Sammy also makes the 8500 series plasma in a 60inch and 64inch size. They've been on sale for a while now at insane discounts. See the thread on this site for more info. One of Hometheatershack.com's sponsors, Value Electronics, may still have some. I think they're sold out of the 60inch, but I was able to get one through Best Buy.


----------



## tcarcio (Jun 27, 2007)

If you can price match sets at best buy from online dealers you can get decent deals. HH Gregg has some good deals. I got this set http://www.hhgregg.com/samsung-60-1080p-plasma-hdtv/item/PN60F5300 price matched at BB for $650. The price is higher now but still not a bad deal. It obviously still matters what your room lighting is and how much control you have over it that will be a consideration on what you get. I can control my lighting so a plasma was fine for me. YMMV...Good luck.


----------



## tonyvdb (Sep 5, 2007)

What happened to the Panasonic 60" ST50 you had? Hard to beat the picture on that set unless you go to OLED


----------



## Lumen (May 17, 2014)

Are you talking to me? Are you talking TO ME? Sorry.. couldn't resist. 

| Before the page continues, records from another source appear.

Theorem lemma7p10 (U : countType) (R : realType) (HU : infinite_type U)
  (Q : graph U -> R) :
  edge_independent Q -> ~ in_sjfCQ_BID Q.
Proof.
move=> [_ [Qsimple [_ Qunbounded]]].
move=> [S [ar [P [phi [[hP [blk [hind hexcl]]] [[/andP[_ hrels] _] hQ]]]]]].
have [D0 PD0 _] : exists2 D0, (0 < P D0)%R & setT D0.
  by apply: (Pr_gt0_world hP); rewrite (Pr_setT hP) ltr01.
have [J [QJ]] := Qunbounded (size (adom D0) * size (adom D0)).
have [D1 PD1 <-] : exists2 D1, (0 < P D1)%R & view phi D1 = J.
  by apply: (Pr_gt0_world hP); rewrite -hQ.
apply/negP; rewrite -leqNgt; apply: card_fset_pairs_le => -[x y] xy /=.
have [_ sym] := world_view_simple hP hQ Qsimple PD1.
have in_adom0 := view_vertex_in_adom hP hQ Qsimple hrels hind hexcl PD0 PD1.
by rewrite (in_adom0 _ _ xy) (in_adom0 _ _ (sym _ _ xy)).
Qed.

Still have it, sort of. It found its way into my 19 year-old daughter's room. She claims it's hers now. HAH! just waiting for her to break one of my viewing/maintenance rules!!!


----------



## tonyvdb (Sep 5, 2007)

Nope, asking the OP hawkeye


----------



## hawkeye (Feb 13, 2014)

The ST50 ran into the remote control my youngest son was testing for aerodynamics. Was a sad day to say the least. The VT fell victim to a child driving a truck on the screen and scratching the louver filter, though unnoticeable from regular distance the damage was more than skin deep. Still have some repressed feelings about these events. Children are a little older now and for the most part respect certain boundaries. 
As for as lighting control.. I'm in Arizona now.. so light is very present.. I think I've decided to go with the pn51f8500 for the living room.. waiting a year and a half or so for some stabilization in that market. In which case the plasma will be an ideal late-night display for the bed room..


----------



## hawkeye (Feb 13, 2014)

I've been really intrigued by the contrast this panel can produce. Looks incredible on paper.


----------



## tonyvdb (Sep 5, 2007)

Yup, thats understandable. I had two young ones that are a little older now and know of those frustrations. 
The Samsung 8500 is a really nice set. It won the flat panel shootout done every year at Value electronics.


----------



## Oleson M.D. (Feb 3, 2010)

55" sets are dirt cheap now. If it is a temporary fix, go with the biggest and cheapest unit you can find. Save your $$$ for down the road, you'll be glad you did!


----------